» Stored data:
━━━━━━

Lemma model_meets_A M pi :
  k_connected eH 3 -> #|X| = 4 -> {in X &, injective pi} -> X \subset A ->
  model eH e setT M -> (forall w, w \in X -> w \in M (pi w)) ->
  forall x, ~~ [disjoint M x & A].
Proof.
move=> H3 cardX pi_inj XA [_ [Mconn [Mdisj Medge]]] Xin x.
have [uA vA _ _] := sep_uv capAB.
set S := [set y | (u \in M y) || (v \in M y)].
have cardS : #|S| < 3.
  have -> : S = [set y | u \in M y] :|: [set y | v \in M y].
    by apply/setP => y; rewrite !inE.
  rewrite ltnS (leq_trans (leq_card_setU _ _).1) //.
  exact: leq_add (card_branches_le1 _ Mdisj) (card_branches_le1 _ Mdisj).
set J := [set y | [disjoint M y & A]].
have closedJ y z : y \in J -> eH y z -> z \notin S -> z \in J.
  rewrite !inE => yJ /Medge[a [b [aM bM eab]]]; apply: contraNT.
  rewrite -setI_eq0 => /set0Pn[q qMA].
  have aA : a \notin A by rewrite (disjointFr yJ aM).
  have bMB : b \in M z :&: B by rewrite inE bM (sep_edge e_sym sepAB aA eab).
  exact: (connected_sep_uv e_sym sepAB capAB (Mconn z) qMA bMB).
have [_ /imsetP[w wX ->] piwS] : exists2 y, y \in pi @: X & y \notin S.
  apply/subsetPn/negP => /subset_leq_card.
  by rewrite card_in_imset // cardX => /leq_ltn_trans/(_ cardS).
apply/negP => xAdisj; have xJ : x \in J by rewrite inE.
have xS : x \notin S by rewrite inE !(disjointFl xAdisj).
have /[!inE] piwJ := k_connected_closed H3 cardS xJ xS closedJ piwS.
by move: (subsetP XA w wX); rewrite (disjointFr piwJ (Xin w wX)).
Qed.

Lemma HX_minor_wrt_restrict pi :
  simple_graph eH -> k_connected eH 3 -> #|X| = 4 -> {in X &, injective pi} ->
  X \subset A ->
  has_HX_minor_wrt eH e setT X pi -> has_HX_minor_wrt eH GA A X pi.
Proof.
move=> [_ eH_irr] H3 cardX pi_inj XA [M [Mmod Xin]].
have meetsA := model_meets_A H3 cardX pi_inj XA Mmod Xin.
case: Mmod => [_ [Mconn [Mdisj Medge]]].
exists (fun x => M x :&: A); split.
  2: by move=> w wX; rewrite inE Xin // (subsetP XA).
split; first by move=> x; apply: subsetIr.
split.
  move=> x; split; first by rewrite setI_eq0.
  move=> p q pMA /setIP[qM qA]; apply: (connect_GA e_sym sepAB capAB pMA qA).
  by case/setIP: pMA => pM _; case: (Mconn x) => _; apply.
split; first by move=> x y /Mdisj; apply: disjointW; apply: subsetIl.
move=> x y eHxy; have [a [b [aM bM eab]]] := Medge x y eHxy.
have [/andP[aA bA]|/andP[aB bB]] := sep_edge_cases e_sym sepAB eab.
  by exists a, b; rewrite !inE aM aA bM bA /GA_rel /= aA bA eab.
have xy : x != y by apply: contraTneq eHxy => ->; rewrite eH_irr.
have uv_in z c : c \in M z -> c \in B -> (u \in M z) || (v \in M z).
  move=> cM cB; have /set0Pn[q qMA] : M z :&: A != set0 by rewrite setI_eq0.
  have cMB : c \in M z :&: B by rewrite inE cM cB.
  exact: (connected_sep_uv e_sym sepAB capAB (Mconn z) qMA cMB).
have [uA vA _ _] := sep_uv capAB.
have [GAuv GAvu] := GA_uv e capAB.
case/orP: (uv_in x a aM aB) => ux; case/orP: (uv_in y b bM bB) => uy.
- by rewrite (disjointFr (Mdisj x y xy) ux) in uy.
- by exists u, v; rewrite !inE ux uy uA vA.
- by exists v, u; rewrite !inE ux uy uA vA.
- by rewrite (disjointFr (Mdisj x y xy) ux) in uy.
Qed.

━━━━━━

When you reach the line holding "exact: (connected_sep_uv e_sym sepAB capAB (Mconn z) qMA bMB)." in the records above, begin reproducing exactly, stop after the line holding "have xy : x", and output nothing else.

» Finished task:
  exact: (connected_sep_uv e_sym sepAB capAB (Mconn z) qMA bMB).
have [_ /imsetP[w wX ->] piwS] : exists2 y, y \in pi @: X & y \notin S.
  apply/subsetPn/negP => /subset_leq_card.
  by rewrite card_in_imset // cardX => /leq_ltn_trans/(_ cardS).
apply/negP => xAdisj; have xJ : x \in J by rewrite inE.
have xS : x \notin S by rewrite inE !(disjointFl xAdisj).
have /[!inE] piwJ := k_connected_closed H3 cardS xJ xS closedJ piwS.
by move: (subsetP XA w wX); rewrite (disjointFr piwJ (Xin w wX)).
Qed.

Lemma HX_minor_wrt_restrict pi :
  simple_graph eH -> k_connected eH 3 -> #|X| = 4 -> {in X &, injective pi} ->
  X \subset A ->
  has_HX_minor_wrt eH e setT X pi -> has_HX_minor_wrt eH GA A X pi.
Proof.
move=> [_ eH_irr] H3 cardX pi_inj XA [M [Mmod Xin]].
have meetsA := model_meets_A H3 cardX pi_inj XA Mmod Xin.
case: Mmod => [_ [Mconn [Mdisj Medge]]].
exists (fun x => M x :&: A); split.
  2: by move=> w wX; rewrite inE Xin // (subsetP XA).
split; first by move=> x; apply: subsetIr.
split.
  move=> x; split; first by rewrite setI_eq0.
  move=> p q pMA /setIP[qM qA]; apply: (connect_GA e_sym sepAB capAB pMA qA).
  by case/setIP: pMA => pM _; case: (Mconn x) => _; apply.
split; first by move=> x y /Mdisj; apply: disjointW; apply: subsetIl.
move=> x y eHxy; have [a [b [aM bM eab]]] := Medge x y eHxy.
have [/andP[aA bA]|/andP[aB bB]] := sep_edge_cases e_sym sepAB eab.
  by exists a, b; rewrite !inE aM aA bM bA /GA_rel /= aA bA eab.
have xy : x != y by apply: contraTneq eHxy => ->; rewrite eH_irr.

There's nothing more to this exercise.